**Description of the task:** What is needed is an exact transcription of every entry below.

[Source material Boundary: Start]

Fixpoint is_nary (n : nat) (t : ptree) : bool :=
  match t with
  | Leaf => true
  | Node ts => (size ts == n) && all (is_nary n) ts
  end.

Fixpoint nb_nodes (t : ptree) : nat :=
  match t with
  | Leaf => 0
  | Node ts => (sumn (map nb_nodes ts)).+1
  end.

Definition nary_tree (n m : nat) : Type :=
  {t : ptree | is_nary n t && (nb_nodes t == m)}.

(* A placed piece is (s, h): interval ]s, s+a[ resting at level h
   (h = 0 means on the horizontal axis). *)
Definition placed := (int * nat)%type.

Definition concurrent (a : nat) (s t : int) : bool :=
  ((s < t + a%:Z) && (t < s + a%:Z))%R.

Definition drop_level (a : nat) (C : {fset placed}) (s : int) : nat :=
  \max_(p <- enum_fset C | concurrent a p.1 s) p.2.+1.

Definition drop_piece (a : nat) (C : {fset placed}) (s : int) : {fset placed} :=
  (s, drop_level a C s) |` C.

Inductive is_heap (a : nat) : {fset placed} -> Prop :=
  | heap_empty : is_heap a fset0
  | heap_drop C s : is_heap a C -> is_heap a (drop_piece a C s).

Definition is_pyramid (a : nat) (C : {fset placed}) : Prop :=
  is_heap a C /\ #|` [fset p in C | p.2 == 0%N]| = 1%N.

Definition is_right0_pyramid (a : nat) (C : {fset placed}) : Prop :=
  is_pyramid a C /\ ((0%R, 0%N) \in C) /\ (forall p, p \in C -> (0 <= p.1)%R).

Definition right0_pyramid (a m : nat) : Type :=
  {C : {fset placed} | is_right0_pyramid a C /\ #|` C| = m}.

From HB Require Import structures.
From mathcomp Require Import all_boot all_order all_algebra finmap zify.
From Stdlib Require Import ClassicalEpsilon ProofIrrelevance.
Import Order.TTheory GRing.Theory Num.Theory.
Set Implicit Arguments. Unset Strict Implicit. Unset Printing Implicit Defensive.
Local Open Scope fset_scope.

(* Both sides are in bijection with the codes [j_1; ...; j_m] of naturals with
   [j_1 = 0] and [j_(k+1) < j_k + a].  Dropping pieces at positions
   [j_1, ..., j_m] in this order builds a right 0-pyramid.  Conversely every
   heap is built by a unique word in normal form (commute any piece dropped
   right after a non-concurrent piece on its left, as in the Cartier-Foata
   normal form); the leftmost top piece identifies the last letter, and for a
   right 0-pyramid the word is such a code.  On the tree side, [j_1] is the
   position of the last non-leaf root of the forest, which is replaced by its
   [a] subtrees, and the rest of the code is read on the new forest. *)

Section HeapsOfWords.

Variable a : nat.
Hypothesis a_gt0 : 0 < a.

(* The head of the word is the last piece dropped. *)
Fixpoint heap_of_word (r : seq int) : {fset placed} :=
  if r is x :: r' then drop_piece a (heap_of_word r') x else fset0.

Lemma concurrentC x y : concurrent a x y = concurrent a y x.
Proof. by rewrite /concurrent andbC. Qed.

Lemma concurrentxx x : concurrent a x x.
Proof. by rewrite /concurrent ltrDl ltz_nat a_gt0. Qed.

Lemma drop_level_gt H x p : p \in H -> concurrent a p.1 x -> p.2 < drop_level a H x.
Proof.
by move=> pH cpx; apply: (@leq_bigmax_seq _ _ (fun q : placed => concurrent a q.1 x)).
Qed.

Lemma dropped_notin H x : (x, drop_level a H x) \notin H.
Proof.
by apply/negP => /drop_level_gt /(_ (concurrentxx x)); rewrite ltnn.
Qed.

Lemma drop_level0 x : drop_level a fset0 x = 0.
Proof. by rewrite /drop_level big_nil. Qed.

Lemma drop_level_fsetU1 H p y : p \notin H ->
  drop_level a (p |` H) y =
  if concurrent a p.1 y then maxn p.2.+1 (drop_level a H y) else drop_level a H y.
Proof.
move=> pH; rewrite /drop_level big_mkcond /= big_fsetU1 //= -big_mkcond /=.
by case: ifP => _ //; rewrite max0n.
Qed.

Lemma drop_pieceC H x y : ~~ concurrent a x y ->
  drop_piece a (drop_piece a H x) y = drop_piece a (drop_piece a H y) x.
Proof.
move=> nxy; rewrite /drop_piece !drop_level_fsetU1 ?dropped_notin //=.
by rewrite (negbTE nxy) concurrentC (negbTE nxy) fsetUCA.
Qed.

Lemma card_heap_of_word r : #|` heap_of_word r| = size r.
Proof.
by elim: r => //= x r IH; rewrite /drop_piece cardfsU1 dropped_notin IH.
Qed.

Lemma heap_of_word_is_heap r : is_heap a (heap_of_word r).
Proof. by elim: r => [|x r IH]; [exact: heap_empty | exact: heap_drop]. Qed.

Lemma is_heap_of_word C : is_heap a C -> exists r, C = heap_of_word r.
Proof. by elim => [|C' s _ [r ->]]; [exists [::] | exists (s :: r)]. Qed.

Lemma heap_of_word_suffix u w : heap_of_word w `<=` heap_of_word (u ++ w).
Proof.
elim: u => //= x u IH.
by apply: fsubset_trans IH _; rewrite /drop_piece fsubsetU1.
Qed.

[Source material Boundary: End]

**Solution for this exercise:**
Fixpoint is_nary (n : nat) (t : ptree) : bool :=
  match t with
  | Leaf => true
  | Node ts => (size ts == n) && all (is_nary n) ts
  end.

Fixpoint nb_nodes (t : ptree) : nat :=
  match t with
  | Leaf => 0
  | Node ts => (sumn (map nb_nodes ts)).+1
  end.

Definition nary_tree (n m : nat) : Type :=
  {t : ptree | is_nary n t && (nb_nodes t == m)}.

(* A placed piece is (s, h): interval ]s, s+a[ resting at level h
   (h = 0 means on the horizontal axis). *)
Definition placed := (int * nat)%type.

Definition concurrent (a : nat) (s t : int) : bool :=
  ((s < t + a%:Z) && (t < s + a%:Z))%R.

Definition drop_level (a : nat) (C : {fset placed}) (s : int) : nat :=
  \max_(p <- enum_fset C | concurrent a p.1 s) p.2.+1.

Definition drop_piece (a : nat) (C : {fset placed}) (s : int) : {fset placed} :=
  (s, drop_level a C s) |` C.

Inductive is_heap (a : nat) : {fset placed} -> Prop :=
  | heap_empty : is_heap a fset0
  | heap_drop C s : is_heap a C -> is_heap a (drop_piece a C s).

Definition is_pyramid (a : nat) (C : {fset placed}) : Prop :=
  is_heap a C /\ #|` [fset p in C | p.2 == 0%N]| = 1%N.

Definition is_right0_pyramid (a : nat) (C : {fset placed}) : Prop :=
  is_pyramid a C /\ ((0%R, 0%N) \in C) /\ (forall p, p \in C -> (0 <= p.1)%R).

Definition right0_pyramid (a m : nat) : Type :=
  {C : {fset placed} | is_right0_pyramid a C /\ #|` C| = m}.

From HB Require Import structures.
From mathcomp Require Import all_boot all_order all_algebra finmap zify.
From Stdlib Require Import ClassicalEpsilon ProofIrrelevance.
Import Order.TTheory GRing.Theory Num.Theory.
Set Implicit Arguments. Unset Strict Implicit. Unset Printing Implicit Defensive.
Local Open Scope fset_scope.

(* Both sides are in bijection with the codes [j_1; ...; j_m] of naturals with
   [j_1 = 0] and [j_(k+1) < j_k + a].  Dropping pieces at positions
   [j_1, ..., j_m] in this order builds a right 0-pyramid.  Conversely every
   heap is built by a unique word in normal form (commute any piece dropped
   right after a non-concurrent piece on its left, as in the Cartier-Foata
   normal form); the leftmost top piece identifies the last letter, and for a
   right 0-pyramid the word is such a code.  On the tree side, [j_1] is the
   position of the last non-leaf root of the forest, which is replaced by its
   [a] subtrees, and the rest of the code is read on the new forest. *)

Section HeapsOfWords.

Variable a : nat.
Hypothesis a_gt0 : 0 < a.

(* The head of the word is the last piece dropped. *)
Fixpoint heap_of_word (r : seq int) : {fset placed} :=
  if r is x :: r' then drop_piece a (heap_of_word r') x else fset0.

Lemma concurrentC x y : concurrent a x y = concurrent a y x.
Proof. by rewrite /concurrent andbC. Qed.

Lemma concurrentxx x : concurrent a x x.
Proof. by rewrite /concurrent ltrDl ltz_nat a_gt0. Qed.

Lemma drop_level_gt H x p : p \in H -> concurrent a p.1 x -> p.2 < drop_level a H x.
Proof.
by move=> pH cpx; apply: (@leq_bigmax_seq _ _ (fun q : placed => concurrent a q.1 x)).
Qed.

Lemma dropped_notin H x : (x, drop_level a H x) \notin H.
Proof.
by apply/negP => /drop_level_gt /(_ (concurrentxx x)); rewrite ltnn.
Qed.

Lemma drop_level0 x : drop_level a fset0 x = 0.
Proof. by rewrite /drop_level big_nil. Qed.

Lemma drop_level_fsetU1 H p y : p \notin H ->
  drop_level a (p |` H) y =
  if concurrent a p.1 y then maxn p.2.+1 (drop_level a H y) else drop_level a H y.
Proof.
move=> pH; rewrite /drop_level big_mkcond /= big_fsetU1 //= -big_mkcond /=.
by case: ifP => _ //; rewrite max0n.
Qed.

Lemma drop_pieceC H x y : ~~ concurrent a x y ->
  drop_piece a (drop_piece a H x) y = drop_piece a (drop_piece a H y) x.
Proof.
move=> nxy; rewrite /drop_piece !drop_level_fsetU1 ?dropped_notin //=.
by rewrite (negbTE nxy) concurrentC (negbTE nxy) fsetUCA.
Qed.

Lemma card_heap_of_word r : #|` heap_of_word r| = size r.
Proof.
by elim: r => //= x r IH; rewrite /drop_piece cardfsU1 dropped_notin IH.
Qed.

Lemma heap_of_word_is_heap r : is_heap a (heap_of_word r).
Proof. by elim: r => [|x r IH]; [exact: heap_empty | exact: heap_drop]. Qed.

Lemma is_heap_of_word C : is_heap a C -> exists r, C = heap_of_word r.
Proof. by elim => [|C' s _ [r ->]]; [exists [::] | exists (s :: r)]. Qed.

Lemma heap_of_word_suffix u w : heap_of_word w `<=` heap_of_word (u ++ w).
Proof.
elim: u => //= x u IH.
by apply: fsubset_trans IH _; rewrite /drop_piece fsubsetU1.
Qed.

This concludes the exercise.